Since you are working the finish by hand I would forget the idea of using toners. The solvents in the topcoat can rub the toner off making the color uneven. What I would recommend is just using a single stain and let it dry overnight before finishing. Test some samples on some scrap wood to assure you have the right color. Working the finish by hand you could just skip the sealer and just apply a wiping polyurethane. It will do the same thing but if you just want to use a sealer you might use something like Old Masters sanding sealer. A sanding sealer is made softer so it is easier to sand and level a finish before topcoating. Another sealer you could use is Zinsser Sealcoat but you could only brush one coat of it on. It is shellac and when you brush a second coat on the solvents melt into the first coat removing a lot of it. You would have to work very fast and not brush it much to apply additional coats of shellac. It works better sprayed.

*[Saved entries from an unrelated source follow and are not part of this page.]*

Lemma ex_series_plus_R (a b : nat -> R) :
  ex_series a -> ex_series b -> ex_series (fun n => a n + b n).
Proof. apply (ex_series_plus (V := R_NormedModule)). Qed.

Lemma ex_series_minus_R (a b : nat -> R) :
  ex_series a -> ex_series b -> ex_series (fun n => a n - b n).
Proof. apply (ex_series_minus (V := R_NormedModule)). Qed.

Lemma ex_series_dominated (a b : nat -> R) :
  (forall n, 0 <= a n <= b n) -> ex_series b -> ex_series a.
Proof.
  intros Hab Hb. apply (ex_series_le a b); [|exact Hb].
  intros n. change (norm (a n)) with (Rabs (a n)). rewrite Rabs_pos_eq; apply Hab.
Qed.

Lemma Series_zero (a : nat -> R) : (forall n, a n = 0) -> Series a = 0.
Proof.
  intros Ha. rewrite (Series_ext a (fun n => 0 * a n)) by (intros n; rewrite Ha; ring).
  rewrite Series_scal_l. ring.
Qed.

Lemma Series_le_ex (u v : nat -> R) :
  ex_series u -> ex_series v -> (forall n, u n <= v n) -> Series u <= Series v.
Proof.
  intros Hu Hv Huv.
  assert (Hdiff : Series (fun _ => 0) <= Series (fun n => v n - u n)).
  { apply Series_le; [intros n; specialize (Huv n); lra|].
    now apply ex_series_minus_R. }
  rewrite Series_zero, Series_minus in Hdiff by auto. lra.
Qed.

Lemma is_lim_seq_sum_f_R0 (a : nat -> R) : ex_series a ->
  is_lim_seq (sum_f_R0 a) (Series a).
Proof. intros Ha. apply is_lim_seq_Reals, is_series_Reals, Series_correct, Ha. Qed.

When I apply color between coats it is in the very first few coats. For example if I stain a piece and it isn't red enough I will spray a transparent red dye over the first coat of sealer and then put clear sealer over that. Also if I use a stain that is too red I sometimes spray a transparent green dye over it to neutralize the red. It just comes down to fine tuning like right now I'm working on a remodel where I had to build an additional cabinet to go in someones kitchen. The walnut stain I used didn't quite match the existing cabinets so I sprayed a mahogany dye over the cabinet to give enough red to match.